С одной стороны, «новая» фантастика — в той, по крайней мере, форме, в которой она экспортировалась из-за океана — была малоприемлема для воспитанников журнала «Эстаундинг». С другой — над старшим поколением довлел своеобразный «комплекс старения», боязнь оказаться за бортом литературного процесса, потерять своего читателя. Немудрено, что пришлось пересматривать свой творческий метод, техническое оснащение, наконец, свои представления о целях, задачах и сущности научной фантастики. Писать по-старому — значило оказаться вне эпицентра страстей и читательских интересов, писать по-новому, — но это неизбежно вело к отказу от собственного почерка, формировавшегося на протяжении двух десятилетий.
У нас в стране хорошо знают Айзека Азимова, Альфреда Бестера, не говоря уже о Рэе Брэдбери. Значительно меньше известны другие ветераны — Роберт Хайнлайн, Пол Андерсон и Фриц Лейбер. Поэтому особенно интересно проследить, какие изменения претерпело их творчество в бурные 60-е годы.
Творческий портрет Р. Хайнлайна, популярнейшего американского фантаста, четко обрисовался к началу 60-х годов. Портрет был противоречив: Хайнлайну не откажешь в умении логически продолжить существующие тенденции в воображаемые миры будущего, в сюжетной изобретательности, романтическом подъеме. К тому же Хайнлайн умеет «завести» читателя, верит в простые, суровые ценности в духе первооткрывателей Америки. Все это соседствует в его книгах с догматическим следованием канонам жанра, картонными персонажами и дремучим политическим и социальным консерватизмом. Хайнлайн свято верует в «сильную личность» в духе социал-дарвинизма, считая, что обществом должна править элита «лучших» (т. е. наиболее сильных и компетентных), а слабых и мятущихся — к стенке. Вместе с тем достаточно вспомнить переведенные у нас роман «Сироты неба» (1940) и такие рассказы, как «Взрыв всегда возможен», «Если так будет продолжаться…», чтобы отделаться от явно однобокой характеристики Хайнлайна как «реакционера».
Хайнлайна метко называют «самым американским из американских фантастов». Он энергичен, оптимистичен и в ладах с наукой и техникой. Он скептически относится к гуманитарным «благородным идеям» и с сомнением относится к «либералам». И все-таки следует заметить, что примеры, подобные вышеприведенным, — редкость в его творчестве, а откровенно милитаристский роман «Воины звездного корабля» (1959) — пожалуй, самый показательный пример хайнлайновской философии…
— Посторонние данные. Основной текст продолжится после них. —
Lemma gen_iter (L X : Op) n : gen L -> gen X -> gen (fun f => iter n L (X f)).
Proof. by move=> hL hX; elim: n => [//|n IH]; exact: (ag_comp hL IH). Qed.

Lemma gen_mulopD a b : gen (mulop a) -> gen (mulop b) -> gen (mulop (a + b)).
Proof.
move=> ha hb; rewrite (_ : mulop _ = op_add (mulop a) (mulop b)); first exact: ag_add.
by apply: functional_extensionality => f; rewrite /mulop /op_add mulrDl.
Qed.

Lemma gen_mulopM a b : gen (mulop a) -> gen (mulop b) -> gen (mulop (a * b)).
Proof.
move=> ha hb; rewrite (_ : mulop _ = op_comp (mulop a) (mulop b)); first exact: ag_comp.
by apply: functional_extensionality => f; rewrite /mulop /op_comp mulrA.
Qed.

Lemma gen_mulop_cst_mul c a : gen (mulop a) -> gen (mulop (cst c * a)).
Proof.
move=> ha; rewrite (_ : mulop _ = op_scale c (mulop a)); first exact: ag_scale.
by apply: functional_extensionality => f; rewrite /mulop /op_scale mulrA.
Qed.

Lemma gen_mulop1 : gen (mulop 1).
Proof.
rewrite (_ : mulop 1 = @op_id R); first exact: ag_id.
by apply: functional_extensionality => f; rewrite /mulop mul1r.
Qed.

Lemma gen_mulopN a : gen (mulop a) -> gen (mulop (- a)).
Proof. by move=> ha; rewrite -mulN1r -(rmorphN1 (@cst R)); exact: gen_mulop_cst_mul. Qed.

Lemma gen_mulopX a k : gen (mulop a) -> gen (mulop (a ^+ k)).
Proof.
by move=> ha; elim: k => [|k IH]; [exact: gen_mulop1 | rewrite exprS; exact: gen_mulopM].
Qed.

Lemma gen_mulop_u : gen (mulop u).
Proof. by rewrite /u -div1r; apply: ag_base; left. Qed.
Казалось, нельзя было ожидать, чтобы этот писатель — певец будущей расы пуритан и вояк, огнем и мечом утверждающих в космосе «твердый порядок», стал популярным у нового поколения американской молодежи. Поэтому беспрецедентный успех в университетских кампусах романа «Чужой в чужой земле» (1961) оказался сродни взрыву бомбы и свидетельствовал о редкой писательской интуиции Хайнлайна.
Он одним из первых среди американских фантастов уловил слабые дуновения будущего урагана, пронесшегося по миру западной молодежи в середине 60-х. Все казалось неожиданным в этом романе поклонникам Хайнлайна: россыпь будоражащих и парадоксальных идей, сочно выписанные образы героев, острая социальная сатира, перенесение упора не на действие, а на диалог (в отличие от большинства произведений Хайнлайна в романе «Чужой в Чужой земле» герои не столько стреляют, сколько размышляют, спорят, проповедуют), и прочее и прочее…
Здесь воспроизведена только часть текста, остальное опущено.